§ **WHAT TO WORK ON**
Look for the string "chars" in the data below, and copy each line that holds it.

§ **DATA SUPPLIED**
::::::::::
(** alpha_A : A -> \hat{\hat A}, alpha_A(a)(chi) = chi(a), viewed in the
    compact-open space of maps \hat A -> T *)
Definition alpha (A : topologicalZmodType) (a : A) :
  {compact-open, dual A -> T} := fun chi => (set_val chi) a.

Definition polar (A : topologicalZmodType) (S : set A) : set (cofun A) :=
  [set chi | chars A chi /\ chi @` S `<=` Lambda1 R].

Definition prepolar (A : topologicalZmodType) (Phi : set (cofun A)) : set A :=
  [set a | forall chi, Phi chi -> Lambda1 R (chi a)].

(** local quasi-convexity: {U^><| U nbhd of 0} is a base of nbhds of 0 *)
Definition locally_quasi_convex (A : topologicalZmodType) : Prop :=
  (forall U : set A, nbhs (0 : A) U -> nbhs (0 : A) (prepolar (polar U))) /\
  (forall V : set A, nbhs (0 : A) V ->
     exists2 U : set A, nbhs (0 : A) U & prepolar (polar U) `<=` V).

Definition restr (D A : topologicalZmodType) (i : D -> A) (f : cofun A) :
  cofun D := fun d => f (i d).

End Duals.
Arguments chars R A : clear implicits.
Arguments locally_quasi_convex R A : clear implicits.
Arguments cofun R A : clear implicits.
Arguments dual R A : clear implicits.

(** D is (isomorphic, as a topological group, to) a dense subgroup of A,
    via the inclusion i *)
Definition dense_subgroup_embedding (D A : topologicalZmodType) (i : D -> A)
  : Prop :=
  [/\ injective i,
      (forall x y : D, i (x + y) = i x + i y),
      continuous i,
      (forall U : set D, open U -> exists2 V : set A, open V & i @^-1` V = U)
    & dense (range i)].

From HB Require Import structures.
From mathcomp Require Import all_boot all_order all_algebra generic_quotient.
From mathcomp Require Import all_classical all_reals all_analysis.
From mathcomp Require Import quotient_topology.
From mathcomp Require Import ring lra.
::::::::::
§ **EXERCISE RESULT**
  [set chi | chars A chi /\ chi @` S `<=` Lambda1 R].
Arguments chars R A : clear implicits.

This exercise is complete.